# Work to complete
Search the records for lines that contain the word "pose". Copy them all.

# Given information
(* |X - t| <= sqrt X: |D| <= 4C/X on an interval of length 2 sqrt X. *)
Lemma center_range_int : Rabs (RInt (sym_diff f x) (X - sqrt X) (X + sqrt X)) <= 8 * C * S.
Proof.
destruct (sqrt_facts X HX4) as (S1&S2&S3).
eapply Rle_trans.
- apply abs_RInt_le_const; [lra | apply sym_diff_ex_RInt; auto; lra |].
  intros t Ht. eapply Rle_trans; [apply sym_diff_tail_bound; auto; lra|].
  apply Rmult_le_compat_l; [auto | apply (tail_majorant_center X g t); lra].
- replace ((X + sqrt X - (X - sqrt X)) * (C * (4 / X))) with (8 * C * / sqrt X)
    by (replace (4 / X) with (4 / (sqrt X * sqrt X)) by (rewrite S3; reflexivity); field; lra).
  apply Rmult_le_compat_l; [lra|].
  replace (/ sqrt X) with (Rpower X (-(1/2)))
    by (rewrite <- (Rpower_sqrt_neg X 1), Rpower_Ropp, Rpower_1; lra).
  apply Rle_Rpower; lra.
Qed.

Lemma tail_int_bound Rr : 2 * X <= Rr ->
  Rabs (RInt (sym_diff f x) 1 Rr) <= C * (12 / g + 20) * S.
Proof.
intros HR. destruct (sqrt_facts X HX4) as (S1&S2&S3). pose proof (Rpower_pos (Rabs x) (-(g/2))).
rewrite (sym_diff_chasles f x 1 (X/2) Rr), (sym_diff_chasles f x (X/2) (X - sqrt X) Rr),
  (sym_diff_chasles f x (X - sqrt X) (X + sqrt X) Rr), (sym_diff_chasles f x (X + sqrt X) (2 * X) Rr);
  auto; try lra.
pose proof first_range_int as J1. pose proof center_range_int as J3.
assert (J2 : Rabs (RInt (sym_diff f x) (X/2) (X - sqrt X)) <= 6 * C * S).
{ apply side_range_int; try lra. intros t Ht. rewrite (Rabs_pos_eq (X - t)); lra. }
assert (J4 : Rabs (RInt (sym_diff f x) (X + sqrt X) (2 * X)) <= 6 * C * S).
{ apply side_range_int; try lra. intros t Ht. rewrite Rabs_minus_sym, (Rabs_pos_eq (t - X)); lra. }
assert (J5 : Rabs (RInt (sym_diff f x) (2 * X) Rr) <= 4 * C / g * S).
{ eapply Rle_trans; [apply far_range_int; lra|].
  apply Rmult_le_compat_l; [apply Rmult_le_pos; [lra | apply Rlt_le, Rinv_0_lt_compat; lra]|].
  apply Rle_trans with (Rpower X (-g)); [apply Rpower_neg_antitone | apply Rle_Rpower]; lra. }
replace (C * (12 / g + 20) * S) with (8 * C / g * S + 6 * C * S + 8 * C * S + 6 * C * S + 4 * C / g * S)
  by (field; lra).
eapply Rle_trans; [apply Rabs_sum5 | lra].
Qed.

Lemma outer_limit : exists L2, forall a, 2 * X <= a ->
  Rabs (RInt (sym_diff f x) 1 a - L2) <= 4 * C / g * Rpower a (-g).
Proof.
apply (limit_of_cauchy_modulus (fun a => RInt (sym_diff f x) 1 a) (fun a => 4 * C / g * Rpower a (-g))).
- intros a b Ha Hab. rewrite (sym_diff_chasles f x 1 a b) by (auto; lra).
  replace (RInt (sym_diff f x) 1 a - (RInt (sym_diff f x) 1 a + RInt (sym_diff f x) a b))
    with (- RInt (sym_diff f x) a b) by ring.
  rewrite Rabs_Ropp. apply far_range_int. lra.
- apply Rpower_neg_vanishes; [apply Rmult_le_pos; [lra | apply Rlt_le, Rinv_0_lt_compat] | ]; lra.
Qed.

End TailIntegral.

# Written response
intros HR. destruct (sqrt_facts X HX4) as (S1&S2&S3). pose proof (Rpower_pos (Rabs x) (-(g/2))).
pose proof first_range_int as J1. pose proof center_range_int as J3.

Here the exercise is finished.